_Exercise instructions_: An exact copy of every record is the required answer.

────

(* Let $K\in\mathbb{E}_{Büchi}$ and let $\dot-$ be a contraction function on $K$. Then $\dot-$ is rational and remains in $\mathbb{E}_{Büchi}$ if and only if $\dot-=\dot-_\gamma$ for some Büchi choice function $\gamma$.
   Context: Fix a finite nonempty $AP$. LTL formulae $\varphi::=\bot\mid p\mid\neg\varphi\mid\varphi\lor\varphi\mid X\varphi\mid\varphi U\varphi$ with standard semantics on traces in $(2^{AP})^\omega$; $\mathrm{Cn}_{LTL}(X)$ = formulae satisfied by every (finite) Kripke structure all of whose traces satisfy all of $X$; $\varphi\equiv\psi$ iff $\mathrm{Cn}_{LTL}(\{\varphi\})=\mathrm{Cn}_{LTL}(\{\psi\})$; $K+\varphi:=\mathrm{Cn}_{LTL}(K\cup\{\varphi\})$. Büchi automata over $2^{AP}$ (runs from initial states visiting recurrence states infinitely often), language $\mathcal{L}(A)$, $\mathrm{supp}(A):=\{\varphi\mid\pi\models\varphi\ \forall\pi\in\mathcal{L}(A)\}$; $\mathbb{E}_{Büchi}:=\{\mathrm{supp}(A)\mid A$ Büchi automaton$\}$. A contraction function on theory $K$ maps each formula $\varphi$ to $K\dot-\varphi$; rational means: (K1) $K\dot-\varphi=\mathrm{Cn}_{LTL}(K\dot-\varphi)$; (K2) $K\dot-\varphi\subseteq K$; (K3) $\varphi\notin K\Rightarrow K\dot-\varphi=K$; (K4) $\varphi\notin\mathrm{Cn}_{LTL}(\emptyset)\Rightarrow\varphi\notin K\dot-\varphi$; (K5) $K\subseteq(K\dot-\varphi)+\varphi$; (K6) $\varphi\equiv\psi\Rightarrow K\dot-\varphi=K\dot-\psi$. It remains in $\mathbb{E}_{Büchi}$ if all values lie in $\mathbb{E}_{Büchi}$. A Büchi choice function $\gamma$ maps each LTL formula to a Büchi automaton such that (BF1) $\mathcal{L}(\gamma(\varphi))\neq\emptyset$; (BF2) if $\varphi$ is not a tautology then $\neg\varphi\in\mathrm{supp}(\gamma(\varphi))$; (BF3) if $\varphi\equiv\psi$ then $\mathcal{L}(\gamma(\varphi))=\mathcal{L}(\gamma(\psi))$. The Büchi contraction function induced by $\gamma$ on $K$ is $K\dot-_\gamma\varphi:=K\cap\mathrm{supp}(\gamma(\varphi))$ if $\varphi\notin\mathrm{Cn}_{LTL}(\emptyset)$ and $\varphi\in K$, and $K\dot-_\gamma\varphi:=K$ otherwise. *)

From mathcomp Require Import all_boot.
Unset Printing Implicit Defensive.
Theorem theorem5p2 :
  [/\ [set Gorbit pi | pi in planes] = [set N1; N2; N3; N4],
      [/\ #|GammaPlanes| = 4%N, #|oneBarPlanes| = 12%N, #|N1| = 16%N,
          #|N2| = 12%N & #|N3| = 4%N /\ #|N4| = 8%N],
      [set Gorbit P | P in points] = [set M1; M2; M3; M4] &
      [/\ #|M1| = 4%N, #|FourGammaPoints| = 4%N, #|ICPoints| = 12%N,
          #|M2| = 16%N & #|M3| = 8%N /\ #|M4| = 12%N]].
Proof.
split.
- exact: plane_orbits.
- exact: plane_cards.
- exact: point_orbits.
- exact: point_cards.
Qed.
(* Let $q$ be a prime power with $q\equiv 3\pmod 4$, let $s\in\mathbb{N}$ be even, let $b\in\mathbb{F}_q^*$, and let $f(x)=x^s\left(x^{(q-1)/2}+b\right)\in\mathbb{F}_q[x]$. If $f$ is a permutation polynomial of $\mathbb{F}_q$, then $\delta_f\le 4s-3$.
   Context: A polynomial $f\in\mathbb{F}_q[x]$ is a permutation polynomial of $\mathbb{F}_q$ if $c\mapsto f(c)$ is a bijection of $\mathbb{F}_q$. For $a\in\mathbb{F}_q^*$, $\Delta_{f,a}(x)=f(x+a)-f(x)$, and the differential uniformity is $\delta_f=\max_{a\in\mathbb{F}_q^*,\,c\in\mathbb{F}_q}|\{x\in\mathbb{F}_q:\Delta_{f,a}(x)=c\}|$. *)

From HB Require Import structures.
From mathcomp Require Import all_boot all_order all_algebra all_field.
Set Implicit Arguments. Unset Strict Implicit. Unset Printing Implicit Defensive.
Import GRing.Theory.
Local Open Scope ring_scope.

Definition is_perm_poly (F : finFieldType) (f : {poly F}) : Prop :=
  bijective (fun c : F => f.[c]).

Definition diff_count (F : finFieldType) (f : {poly F}) (a c : F) : nat :=
  #|[set x : F | f.[x + a] - f.[x] == c]|.

Definition diff_unif (F : finFieldType) (f : {poly F}) : nat :=
  \max_(a : F | a != 0) \max_(c : F) diff_count f a c.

────

_Result of the exercise_:
(* Let $K\in\mathbb{E}_{Büchi}$ and let $\dot-$ be a contraction function on $K$. Then $\dot-$ is rational and remains in $\mathbb{E}_{Büchi}$ if and only if $\dot-=\dot-_\gamma$ for some Büchi choice function $\gamma$.
   Context: Fix a finite nonempty $AP$. LTL formulae $\varphi::=\bot\mid p\mid\neg\varphi\mid\varphi\lor\varphi\mid X\varphi\mid\varphi U\varphi$ with standard semantics on traces in $(2^{AP})^\omega$; $\mathrm{Cn}_{LTL}(X)$ = formulae satisfied by every (finite) Kripke structure all of whose traces satisfy all of $X$; $\varphi\equiv\psi$ iff $\mathrm{Cn}_{LTL}(\{\varphi\})=\mathrm{Cn}_{LTL}(\{\psi\})$; $K+\varphi:=\mathrm{Cn}_{LTL}(K\cup\{\varphi\})$. Büchi automata over $2^{AP}$ (runs from initial states visiting recurrence states infinitely often), language $\mathcal{L}(A)$, $\mathrm{supp}(A):=\{\varphi\mid\pi\models\varphi\ \forall\pi\in\mathcal{L}(A)\}$; $\mathbb{E}_{Büchi}:=\{\mathrm{supp}(A)\mid A$ Büchi automaton$\}$. A contraction function on theory $K$ maps each formula $\varphi$ to $K\dot-\varphi$; rational means: (K1) $K\dot-\varphi=\mathrm{Cn}_{LTL}(K\dot-\varphi)$; (K2) $K\dot-\varphi\subseteq K$; (K3) $\varphi\notin K\Rightarrow K\dot-\varphi=K$; (K4) $\varphi\notin\mathrm{Cn}_{LTL}(\emptyset)\Rightarrow\varphi\notin K\dot-\varphi$; (K5) $K\subseteq(K\dot-\varphi)+\varphi$; (K6) $\varphi\equiv\psi\Rightarrow K\dot-\varphi=K\dot-\psi$. It remains in $\mathbb{E}_{Büchi}$ if all values lie in $\mathbb{E}_{Büchi}$. A Büchi choice function $\gamma$ maps each LTL formula to a Büchi automaton such that (BF1) $\mathcal{L}(\gamma(\varphi))\neq\emptyset$; (BF2) if $\varphi$ is not a tautology then $\neg\varphi\in\mathrm{supp}(\gamma(\varphi))$; (BF3) if $\varphi\equiv\psi$ then $\mathcal{L}(\gamma(\varphi))=\mathcal{L}(\gamma(\psi))$. The Büchi contraction function induced by $\gamma$ on $K$ is $K\dot-_\gamma\varphi:=K\cap\mathrm{supp}(\gamma(\varphi))$ if $\varphi\notin\mathrm{Cn}_{LTL}(\emptyset)$ and $\varphi\in K$, and $K\dot-_\gamma\varphi:=K$ otherwise. *)

From mathcomp Require Import all_boot.
Unset Printing Implicit Defensive.
Theorem theorem5p2 :
  [/\ [set Gorbit pi | pi in planes] = [set N1; N2; N3; N4],
      [/\ #|GammaPlanes| = 4%N, #|oneBarPlanes| = 12%N, #|N1| = 16%N,
          #|N2| = 12%N & #|N3| = 4%N /\ #|N4| = 8%N],
      [set Gorbit P | P in points] = [set M1; M2; M3; M4] &
      [/\ #|M1| = 4%N, #|FourGammaPoints| = 4%N, #|ICPoints| = 12%N,
          #|M2| = 16%N & #|M3| = 8%N /\ #|M4| = 12%N]].
Proof.
split.
- exact: plane_orbits.
- exact: plane_cards.
- exact: point_orbits.
- exact: point_cards.
Qed.
(* Let $q$ be a prime power with $q\equiv 3\pmod 4$, let $s\in\mathbb{N}$ be even, let $b\in\mathbb{F}_q^*$, and let $f(x)=x^s\left(x^{(q-1)/2}+b\right)\in\mathbb{F}_q[x]$. If $f$ is a permutation polynomial of $\mathbb{F}_q$, then $\delta_f\le 4s-3$.
   Context: A polynomial $f\in\mathbb{F}_q[x]$ is a permutation polynomial of $\mathbb{F}_q$ if $c\mapsto f(c)$ is a bijection of $\mathbb{F}_q$. For $a\in\mathbb{F}_q^*$, $\Delta_{f,a}(x)=f(x+a)-f(x)$, and the differential uniformity is $\delta_f=\max_{a\in\mathbb{F}_q^*,\,c\in\mathbb{F}_q}|\{x\in\mathbb{F}_q:\Delta_{f,a}(x)=c\}|$. *)

From HB Require Import structures.
From mathcomp Require Import all_boot all_order all_algebra all_field.
Set Implicit Arguments. Unset Strict Implicit. Unset Printing Implicit Defensive.
Import GRing.Theory.
Local Open Scope ring_scope.

Definition is_perm_poly (F : finFieldType) (f : {poly F}) : Prop :=
  bijective (fun c : F => f.[c]).

Definition diff_count (F : finFieldType) (f : {poly F}) (a c : F) : nat :=
  #|[set x : F | f.[x + a] - f.[x] == c]|.

Definition diff_unif (F : finFieldType) (f : {poly F}) : nat :=
  \max_(a : F | a != 0) \max_(c : F) diff_count f a c.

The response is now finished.